[PROMPT] Wherever the word "repeat" appears in a line of the records, copy that line.

== RECORDED INFORMATION ==

(* In the algebra $(\mathbb Z,+,\mathbb Z)$, the monolinear proportion relation $::_m$ satisfies, for all $a,b,c,d,e,f\in\mathbb Z$: p-reflexivity $a:b::_m a:b$; p-symmetry $a:b::_m c:d\iff c:d::_m a:b$; inner p-symmetry $a:b::_m c:d\iff b:a::_m d:c$; p-determinism $a:a::_m a:d\iff d=a$; inner p-reflexivity $a:a::_m c:c$; central permutation $a:b::_m c:d\iff a:c::_m b:d$; strong inner p-reflexivity ($a:a::_m c:d\Rightarrow d=c$); strong p-reflexivity ($a:b::_m a:d\Rightarrow d=b$); p-transitivity ($a:b::_m c:d$ and $c:d::_m e:f$ imply $a:b::_m e:f$); inner p-transitivity ($a:b::_m c:d$ and $b:e::_m d:f$ imply $a:e::_m c:f$); central p-transitivity ($a:b::_m b:c$ and $b:c::_m c:d$ imply $a:b::_m c:d$). However, p-commutativity ($a:b::_m b:a$ for all $a,b$) fails.
   Context: $(\mathbb Z,+,\mathbb Z)$ is the algebra with universe $\mathbb Z$, addition, and every integer as a constant. A justification is a pair of terms $s\to t$ with the variables of $t$ among those of $s$; monolinear justifications are those where $s,t$ contain only one fixed variable $x$, occurring at most once in $s$ and at most once in $t$. $\uparrow^m(a\to b)$ is the set of monolinear justifications $s\to t$ with $a=s(\mathbf o)$, $b=t(\mathbf o)$ for some value $\mathbf o$; $\uparrow^m(a\to b:\!\cdot\,c\to d):=\uparrow^m(a\to b)\cap\uparrow^m(c\to d)$. A monolinear justification is trivial if it lies in all sets $\uparrow^m(a'\to b':\!\cdot\,c'\to d')$. $a\to b:\!\cdot_m\,c\to d$ holds iff either (i) all justifications in $\uparrow^m(a\to b)\cup\uparrow^m(c\to d)$ are trivial, or (ii) $J_d:=\uparrow^m(a\to b:\!\cdot\,c\to d)$ contains a non-trivial justification and for every $d'$, $J_d\subseteq J_{d'}$ implies $J_{d'}$ contains a non-trivial justification and $J_{d'}\subseteq J_d$ (ignoring trivial justifications). $a:b::_m c:d$ iff $a\to b:\!\cdot_m\,c\to d$, $b\to a:\!\cdot_m\,d\to c$, $c\to d:\!\cdot_m\,a\to b$, $d\to c:\!\cdot_m\,b\to a$ all hold. *)

From Stdlib Require Import ZArith Arith.
Open Scope Z_scope.

(* Terms of the algebra (Z, +, Z) in the single fixed variable x:
   the variable, an integer constant, or a sum of two terms. *)
Inductive term : Type :=
| TVar : term
| TConst : Z -> term
| TAdd : term -> term -> term.

Fixpoint occ (t : term) : nat :=
  match t with
  | TVar => 1%nat
  | TConst _ => 0%nat
  | TAdd s u => (occ s + occ u)%nat
  end.

Fixpoint eval (o : Z) (t : term) : Z :=
  match t with
  | TVar => o
  | TConst k => k
  | TAdd s u => eval o s + eval o u
  end.

Definition justification := (term * term)%type.

Definition monolinear (j : justification) : Prop :=
  (occ (fst j) <= 1)%nat /\ (occ (snd j) <= 1)%nat /\
  ((0 < occ (snd j))%nat -> (0 < occ (fst j))%nat).

Definition up_m (a b : Z) (j : justification) : Prop :=
  monolinear j /\ exists o, eval o (fst j) = a /\ eval o (snd j) = b.

Definition up_m2 (a b c d : Z) (j : justification) : Prop :=
  up_m a b j /\ up_m c d j.

Definition trivial_j (j : justification) : Prop :=
  monolinear j /\ forall a' b' c' d', up_m2 a' b' c' d' j.

Definition has_nontrivial (J : justification -> Prop) : Prop :=
  exists j, J j /\ ~ trivial_j j.

Definition subset_nt (J K : justification -> Prop) : Prop :=
  forall j, J j -> ~ trivial_j j -> K j.

Definition arrow_m (a b c d : Z) : Prop :=
  (forall j, (up_m a b j \/ up_m c d j) -> trivial_j j) \/
  (has_nontrivial (up_m2 a b c d) /\
   forall d', subset_nt (up_m2 a b c d) (up_m2 a b c d') ->
     has_nontrivial (up_m2 a b c d') /\ subset_nt (up_m2 a b c d') (up_m2 a b c d)).

Definition prop_m (a b c d : Z) : Prop :=
  arrow_m a b c d /\ arrow_m b a d c /\ arrow_m c d a b /\ arrow_m d c b a.

From Stdlib Require Import ZArith Lia Setoid.
Open Scope Z_scope.

(* Every term of (Z, +, Z) in one variable is affine, so a monolinear
   justification s -> t is either constant, of the form x + k -> l, or of the
   form x + k -> x + l.  Hence it determines its conclusion from its premise,
   which makes every justification non-trivial, and the justifications shared
   by a -> b and c -> d exist exactly when d = b or d - c = b - a.  Requiring
   this for the four arrows of a : b :: c : d leaves the arithmetic
   proportion a - b = c - d. *)

Lemma eval_affine (t : term) (o : Z) :
  eval o t = eval 0 t + Z.of_nat (occ t) * o.
Proof.
  induction t as [| k | s IHs u IHu]; cbn [eval occ].
  - change (Z.of_nat 1) with 1; ring.
  - change (Z.of_nat 0) with 0; ring.
  - rewrite IHs, IHu, Nat2Z.inj_add; ring.
Qed.

Lemma monolinear_occ (s t : term) :
  monolinear (s, t) ->
  (occ s = 0 /\ occ t = 0 \/ occ s = 1 /\ occ t = 0 \/ occ s = 1 /\ occ t = 1)%nat.
Proof. unfold monolinear; simpl; lia. Qed.

Lemma up_m2_cases (a b c d : Z) (j : justification) :
  up_m2 a b c d j -> d = b \/ d - c = b - a.
Proof.
  destruct j as [s t].
  intros [[Hm [o [Ha Hb]]] [_ [o' [Hc Hd]]]]; simpl in *.
  rewrite eval_affine in Ha, Hb, Hc, Hd.
  destruct (monolinear_occ s t Hm) as [[Es Et] | [[Es Et] | [Es Et]]];
    rewrite Es, Et in *; simpl in *; lia.
Qed.

Lemma up_m_functional (c d d' : Z) (j : justification) :
  up_m c d j -> up_m c d' j -> d = d'.
Proof. intros Hd Hd'; destruct (up_m2_cases c d c d' j (conj Hd Hd')); lia. Qed.

Lemma not_trivial_j (j : justification) : ~ trivial_j j.
Proof.
  intros [_ Hall]; destruct (Hall 0 0 0 1) as [H0 H1].
  pose proof (up_m_functional _ _ _ _ H0 H1); lia.
Qed.

Lemma has_nontrivial_up_m2 (a b c d : Z) :
  has_nontrivial (up_m2 a b c d) <-> d = b \/ d - c = b - a.
Proof.
  split.
  - intros [j [Hj _]]; exact (up_m2_cases a b c d j Hj).
  - intros [-> | Hdc].
    + exists (TVar, TConst b); split; [| apply not_trivial_j].
      split; (split; [unfold monolinear; simpl; lia |]).
      * exists a; simpl; auto.
      * exists c; simpl; auto.
    + exists (TVar, TAdd TVar (TConst (b - a))); split; [| apply not_trivial_j].
      split; (split; [unfold monolinear; simpl; lia |]).
      * exists a; simpl; lia.
      * exists c; simpl; lia.
Qed.

Lemma arrow_m_iff_has_nontrivial (a b c d : Z) :
  arrow_m a b c d <-> has_nontrivial (up_m2 a b c d).
Proof.
  split.
  - intros [Hall | [Hnt _]]; [exfalso | exact Hnt].
    apply (not_trivial_j (TConst a, TConst b)), Hall; left.
    split; [unfold monolinear; simpl; lia | exists 0; simpl; auto].
  - intros Hnt; right; split; [exact Hnt |].
    intros d' Hsub.
    destruct Hnt as [j [Hj Hj_nt]].
    assert (Hd : d = d').
    { apply (up_m_functional c d d' j); [apply Hj | apply (Hsub j Hj Hj_nt)]. }
    subst d'; split; [exists j; auto | intros k Hk _; exact Hk].
Qed.

Lemma arrow_m_iff (a b c d : Z) : arrow_m a b c d <-> d = b \/ d - c = b - a.
Proof. now rewrite arrow_m_iff_has_nontrivial, has_nontrivial_up_m2. Qed.

Lemma prop_m_iff (a b c d : Z) : prop_m a b c d <-> a - b = c - d.
Proof. unfold prop_m; rewrite !arrow_m_iff; lia. Qed.

Theorem mainTheorem5 :
  (* p-reflexivity *)
  (forall a b, prop_m a b a b) /\
  (* p-symmetry *)
  (forall a b c d, prop_m a b c d <-> prop_m c d a b) /\
  (* inner p-symmetry *)
  (forall a b c d, prop_m a b c d <-> prop_m b a d c) /\
  (* p-determinism *)
  (forall a d, prop_m a a a d <-> d = a) /\
  (* inner p-reflexivity *)
  (forall a c, prop_m a a c c) /\
  (* central permutation *)
  (forall a b c d, prop_m a b c d <-> prop_m a c b d) /\
  (* strong inner p-reflexivity *)
  (forall a c d, prop_m a a c d -> d = c) /\
  (* strong p-reflexivity *)
  (forall a b d, prop_m a b a d -> d = b) /\
  (* p-transitivity *)
  (forall a b c d e f, prop_m a b c d -> prop_m c d e f -> prop_m a b e f) /\
  (* inner p-transitivity *)
  (forall a b c d e f, prop_m a b c d -> prop_m b e d f -> prop_m a e c f) /\
  (* central p-transitivity *)
  (forall a b c d, prop_m a b b c -> prop_m b c c d -> prop_m a b c d) /\
  (* p-commutativity fails *)
  ~ (forall a b, prop_m a b b a).
Proof.
  repeat setoid_rewrite prop_m_iff.
  repeat split; intros; try lia.
  intros Hcomm; specialize (Hcomm 0 1); lia.
Qed.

===

[RESPONSE TO THIS TASK]
  repeat setoid_rewrite prop_m_iff.
  repeat split; intros; try lia.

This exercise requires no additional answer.